[WHAT THE TASK REQUIRES]: Go through the records below and copy out every line that contains the word "nondeg".

__________________________________________________

(* Let $\mathcal{H}$ be a complex Hilbert space and $T\in\mathbb{B}(\mathcal{H})$. Then $$\Omega(T) \leq \min\left\{\sqrt{\|TT^* + T^*T\|},\ \sqrt{\|T\|^2 + w(T^2)}\right\}.$$
   Context: $\mathbb{B}(\mathcal{H})$ is the algebra of bounded linear operators on $\mathcal{H}$, $\|\cdot\|$ the usual operator norm, and $w(T)=\sup\{|\langle Tx,x\rangle|:\|x\|=1\}$ the numerical radius. Dragomir's norm is $\Omega(T)=\sup\{\|\zeta T+\eta T^*\|:\ \zeta,\eta\in\mathbb{C},\ |\zeta|^2+|\eta|^2\le 1\}$. *)

From HB Require Import structures.
From mathcomp Require Import all_boot all_order all_algebra.
From mathcomp Require Import complex.
From mathcomp Require Import classical_sets reals.
Set Implicit Arguments. Unset Strict Implicit. Unset Printing Implicit Defensive.
Import Order.TTheory GRing.Theory Num.Theory.
Local Open Scope ring_scope.
Local Open Scope classical_set_scope.

Section Hilbert.
Variable R : realType.
Local Notation C := (R[i]).

Definition cabs (z : C) : R := Num.sqrt (complex.Re z ^+ 2 + complex.Im z ^+ 2).

Variable V : lmodType C.
Variable ip : V -> V -> C.   (* inner product, linear in the first argument *)

Definition inner_product_axioms : Prop :=
  [/\ (forall (a : C) (x y z : V), ip (a *: x + y) z = a * ip x z + ip y z),
      (forall x y : V, ip y x = Num.conj (ip x y)),
      (forall x : V, complex.Im (ip x x) = 0 /\ 0 <= complex.Re (ip x x)) &
      (forall x : V, ip x x = 0 -> x = 0)].

Definition hnorm (x : V) : R := Num.sqrt (complex.Re (ip x x)).

Definition hcomplete : Prop :=
  forall u : nat -> V,
    (forall e : R, 0 < e -> exists N : nat, forall m n : nat,
        (N <= m)%N -> (N <= n)%N -> hnorm (u m - u n) < e) ->
    exists l : V, forall e : R, 0 < e -> exists N : nat, forall n : nat,
        (N <= n)%N -> hnorm (u n - l) < e.

Definition hilbert_space : Prop := inner_product_axioms /\ hcomplete.

Definition bounded_operator (T : V -> V) : Prop :=
  [/\ (forall x y : V, T (x + y) = T x + T y),
      (forall (a : C) (x : V), T (a *: x) = a *: T x) &
      exists M : R, forall x : V, hnorm (T x) <= M * hnorm x].

Definition is_adjoint (T Ts : V -> V) : Prop :=
  forall x y : V, ip (T x) y = ip x (Ts y).

Definition opnorm (T : V -> V) : R :=
  sup [set hnorm (T x) | x in [set x : V | hnorm x <= 1]].

Definition numrad (T : V -> V) : R :=
  sup [set cabs (ip (T x) x) | x in [set x : V | hnorm x = 1]].

(* Dragomir's norm Omega(T) = sup { ||zeta T + eta T^*|| : |zeta|^2+|eta|^2 <= 1 } *)
Definition dragomir (T Ts : V -> V) : R :=
  sup [set opnorm (fun x => p.1 *: T x + p.2 *: Ts x)
      | p in [set p : C * C | cabs p.1 ^+ 2 + cabs p.2 ^+ 2 <= 1]].

End Hilbert.

From HB Require Import structures.
From mathcomp Require Import all_boot all_order all_algebra.
From mathcomp Require Import complex.
From mathcomp Require Import classical_sets boolp reals.
From mathcomp Require Import ring lra.
Import Order.TTheory GRing.Theory Num.Theory.
Local Open Scope ring_scope.
Set Implicit Arguments.
Unset Strict Implicit.

(* Take |a|^2 + |b|^2 <= 1 and ||x|| <= 1, and write u = ||T x||, v = ||T* x||. Expanding,
     ||a T x + b T* x||^2 <= |a|^2 u^2 + |b|^2 v^2 + 2 |a| |b| |<T x, T* x>|.
   By Cauchy-Schwarz and 2 |a| |b| u v <= |a|^2 v^2 + |b|^2 u^2 this is at most
   u^2 + v^2 = Re <(T T* + T* T) x, x> <= ||T T* + T* T||.
   Alternatively u, v <= ||T||, |<T x, T* x>| = |<T^2 x, x>| <= w(T^2) and 2 |a| |b| <= 1
   bound it by ||T||^2 + w(T^2). *)

Section ComplexModulus.
Variable R : realType.
Implicit Types z w : R[i].

Lemma cabsE z : (cabs z)%:C%C = `|z|.
Proof. by rewrite normc_def. Qed.

Lemma cabs_ge0 z : 0 <= cabs z.
Proof. exact: sqrtr_ge0. Qed.

Lemma cabsM z w : cabs (z * w) = cabs z * cabs w.
Proof. by apply: complexI; rewrite rmorphM /= !cabsE normrM. Qed.

Lemma cabsJ z : cabs (Num.conj z) = cabs z.
Proof. by apply: complexI; rewrite !cabsE norm_conjC. Qed.

Lemma cabsN z : cabs (- z) = cabs z.
Proof. by apply: complexI; rewrite !cabsE normrN. Qed.

Lemma cabs0 : cabs (0 : R[i]) = 0.
Proof. by apply: complexI; rewrite cabsE normr0. Qed.

Lemma cabs_real (r : R) : cabs (r%:C)%C = `|r|.
Proof. by rewrite /cabs /= expr0n addr0 sqrtr_sqr. Qed.

Lemma Re_le_cabs z : complex.Re z <= cabs z.
Proof.
have [z0|z0] := lerP (complex.Re z) 0; first exact: le_trans z0 (cabs_ge0 z).
rewrite -[leLHS]gtr0_norm // -sqrtr_sqr ler_wsqrtr //.
by rewrite lerDl sqr_ge0.
Qed.

Lemma mulJc z : Num.conj z * z = ((cabs z ^+ 2)%:C)%C.
Proof. by rewrite rmorphXn /= cabsE normCKC. Qed.

End ComplexModulus.

Section InnerProductSpace.
Variables (R : realType) (V : lmodType R[i]) (ip : V -> V -> R[i]).
Hypothesis ip_axioms : inner_product_axioms ip.
Implicit Types (a b : R[i]) (x y z u v : V).

Lemma ipDZl a x y z : ip (a *: x + y) z = a * ip x z + ip y z.
Proof. by case: ip_axioms. Qed.

Lemma ipC x y : ip y x = Num.conj (ip x y).
Proof. by case: ip_axioms. Qed.

Lemma ipDl x y z : ip (x + y) z = ip x z + ip y z.
Proof. by have := ipDZl 1 x y z; rewrite scale1r mul1r. Qed.

Lemma ip0l z : ip 0 z = 0.
Proof. by apply: (@addrI _ (ip 0 z)); rewrite -ipDl !addr0. Qed.

Lemma ipZl a x z : ip (a *: x) z = a * ip x z.
Proof. by rewrite -[a *: x]addr0 ipDZl ip0l addr0. Qed.

Lemma ipDr x y z : ip z (x + y) = ip z x + ip z y.
Proof. by rewrite ipC ipDl rmorphD /= -!ipC. Qed.

Lemma ipZr a x z : ip z (a *: x) = Num.conj a * ip z x.
Proof. by rewrite ipC ipZl rmorphM /= -ipC. Qed.

Lemma ip0r z : ip z 0 = 0.
Proof. by rewrite ipC ip0l rmorph0. Qed.

Lemma hnorm_ge0 x : 0 <= hnorm ip x.
Proof. exact: sqrtr_ge0. Qed.

Lemma hnorm_sq x : hnorm ip x ^+ 2 = complex.Re (ip x x).
Proof. by case: ip_axioms => _ _ /(_ x) [_ ge0] _; rewrite sqr_sqrtr. Qed.

Lemma ip_self x : ip x x = ((hnorm ip x ^+ 2)%:C)%C.
Proof.
rewrite hnorm_sq; case: ip_axioms => _ _ /(_ x) [].
by case: (ip x x) => ? ? /= ->.
Qed.

Lemma hnorm0 : hnorm ip 0 = 0.
Proof. by rewrite /hnorm ip0l sqrtr0. Qed.

Lemma hnorm_eq0 x : hnorm ip x = 0 -> x = 0.
Proof.
case: ip_axioms => _ _ _ definite hx0; apply: definite.
by rewrite ip_self hx0 expr0n.
Qed.

Lemma hnormZ a x : hnorm ip (a *: x) = cabs a * hnorm ip x.
Proof.
have sq : hnorm ip (a *: x) ^+ 2 = (cabs a * hnorm ip x) ^+ 2.
  apply: complexI; rewrite -ip_self ipZl ipZr mulrA [a * _]mulrC mulJc.
  by rewrite ip_self -rmorphM -exprMn.
apply/eqP; rewrite -(@eqrXn2 _ 2) ?sq ?mulr_ge0 ?hnorm_ge0 ?cabs_ge0 //.
Qed.

Lemma hnormD_sq u v :
  hnorm ip (u + v) ^+ 2 = hnorm ip u ^+ 2 + hnorm ip v ^+ 2 + 2 * complex.Re (ip u v).
Proof.
apply: complexI; rewrite -ip_self ipDl !ipDr !ip_self [ip v u]ipC.
rewrite !rmorphD /= [X in _ = _ + X]rmorphM /= (rmorph_nat (real_complex R)) -addcJ.
ring.
Qed.

Lemma hnorm_combination_sq a b u v :
  hnorm ip (a *: u + b *: v) ^+ 2 =
  cabs a ^+ 2 * hnorm ip u ^+ 2 + cabs b ^+ 2 * hnorm ip v ^+ 2
  + 2 * complex.Re (a * Num.conj b * ip u v).
Proof. by rewrite hnormD_sq !hnormZ !exprMn ipZl ipZr [a * (_ * _)]mulrA. Qed.
Lemma sumT_actT_constT s r (c : 'I_r -> {mpoly {poly F}[s]}) (lam : 'I_r -> C) n :
  sumT (fun i => actT iota theta (c i) (constT (lam i))) n =
  \sum_(i < r) evA iota theta (c i)@_n * lam i.
Proof. by apply: eq_bigr => i _; rewrite actT_constT. Qed.

End ConstantCoefficients.

Section TateKernel.
Variables (F : finFieldType) (C : closedFieldType) (R : realType) (nu : C -> R).
Hypothesis nu_abs : nonarchimedean_abs nu.
Variables (s : nat) (alpha : nat -> C).

Lemma LambdaT_constT x : kerC F nu alpha x -> LambdaT F nu alpha (@constT C s x).
Proof.
move=> x_ker; split=> eps eps_gt0.
  exists 1%N => m m_gt0; rewrite /constT.
  have /negbTE -> : m != 0%MM by rewrite -mdeg_eq0 -lt0n.
  by rewrite (nu0 nu_abs).
have [N partial_small] := x_ker eps eps_gt0; exists N => n Nn m.
rewrite /expT_partial /frobT /constT; case: (m == 0%MM); first exact: partial_small.
rewrite big1 ?subr0 ?(nu0 nu_abs) // => i _.
by rewrite expr0n expn_eq0 gtn_eqF ?mulr0 // ltnW // qq_gt1.
Qed.

Lemma LambdaT_coef (f : 'X_{1..s} -> C) m : LambdaT F nu alpha f -> kerC F nu alpha (f m).
Proof.
by case=> _ f_ker eps /f_ker[N partial_small]; exists N => n Nn; apply: partial_small.
Qed.

Lemma LambdaT_finite_support (delta : R) (f : 'X_{1..s} -> C) : 0 < delta ->
  (forall x, kerC F nu alpha x -> nu x < delta -> x = 0) ->
  LambdaT F nu alpha f -> exists N, forall m, (N <= mdeg m)%N -> f m = 0.
Proof.
move=> delta_gt0 ker_small f_Lambda; have [f_tate _] := f_Lambda.
have [N f_small] := f_tate delta delta_gt0; exists N => m Nm.
exact: ker_small (LambdaT_coef m f_Lambda) (f_small m Nm).
Qed.

End TateKernel.
Lemma trace_norm_Re : trace (R e) = 0 /\ n (R e) = 0.
Proof.
have h := rb_linearized_quadratic (R e) (R e).
rewrite RRe_span in h; R_simpl_in h; rewrite RRe_span in h.
have h' := h; pair_with h e; pair_with h' (R e).
rewrite /trace polar_ee !polarxx (polarC e) in h h'.
set t := bf (R e) e in h h'; set m := n (R e) in h h'.
have eq1 : t ^+ 4 - 6 * t ^+ 2 * m + 2 * m ^+ 2 = 0 by lincomb1f h (2:F).
have eq2 : t * m * (t ^+ 2 - 7 * m) = 0 by lincomb1f h' (2:F).
have sqr_eq0 (x : F) : x ^+ 2 = 0 -> x = 0 by move/eqP; rewrite sqrf_eq0 => /eqP.
suff [t0 m0] : t = 0 /\ m = 0 by [].
move/eqP: eq2; rewrite !mulf_eq0 => /orP[/orP[/eqP t0|/eqP m0]|].
- by split=> //; apply/sqr_eq0/(natf_mul_eq0 (k := 1)); rewrite -eq1 t0; ring.
- by split=> //; apply/sqr_eq0/sqr_eq0; rewrite -eq1 m0; ring.
- rewrite subr_eq0 => /eqP t2E.
  have m0 : m = 0.
    by apply/sqr_eq0/(natf_mul_eq0 (k := 8)); rewrite -eq1 -[4%N]/(2 + 2)%N exprD t2E; ring.
  by split=> //; apply: sqr_eq0; rewrite t2E m0 mulr0.
Qed.

Lemma RRe_eq0 : R (R e) = 0.
Proof. by rewrite RRe_span trace_norm_Re.1 trace_norm_Re.2 !mul0r !scale0r subrr. Qed.

Lemma rb_cube_eq0 y : R (R (R y)) = 0.
Proof.
have h := rb_linearized_quadratic y (R e).
rewrite RRe_eq0 R0 trace_norm_Re.1 in h.
have Ry_Re w : bf (R y) (R e) * bf (R e) w = 0.
  have h1 := h; pair_with h1 w; rewrite /trace in h1; polar_simpl_in h1.
  lincomb1 h1 (-1:F).
have h2 := congr1 R (rb_linearized_quadratic y e); R_simpl_in h2.
rewrite RRe_eq0 R0 in h2; apply: nondeg => w; pair_with h2 w.
rewrite [trace e]polar_ee in h2; have := Ry_Re w.
by move=> h3; apply: (natf_mul_eq0 (k := 1)); lincomb2 h2 h3 (1:F) (-1:F).
Qed.

Section ReZero.
Hypothesis Re0 : R e = 0.

Lemma RR_Re0 y : R (R y) = 0.
Proof.
have h := rb_linearized_quadratic y e; rewrite Re0 R0 in h.
apply: nondeg => w; pair_with h w; rewrite [trace e]polar_ee in h.
by apply: (natf_mul_eq0 (k := 1)); lincomb1 h (1:F).
Qed.

Lemma norm_R_Re0 y : n (R y) = 0.
Proof.
have h := rb_linearized_quadratic y y; rewrite Re0 RR_Re0 in h.
pair_with h e; rewrite polarxx polar_ee in h.
by apply: (natf_mul_eq0 (k := 3)); lincomb1 h (1:F).
Qed.
End ReZero.

Lemma rb_eq0_anisotropic : ~ split_norm n -> forall y, R y = 0.
Proof.
move=> anisotropic; have n0_eq0 x : n x = 0 -> x = 0.
  by move=> nx0; have [//|x_neq0] := eqVneq x 0; case: anisotropic; exists x.
by move=> y; apply/n0_eq0/norm_R_Re0/n0_eq0; exact: trace_norm_Re.2.
Qed.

__________________________________________________

[WRITTEN SOLUTION]:
rewrite RRe_eq0 R0 in h2; apply: nondeg => w; pair_with h2 w.
apply: nondeg => w; pair_with h w; rewrite [trace e]polar_ee in h.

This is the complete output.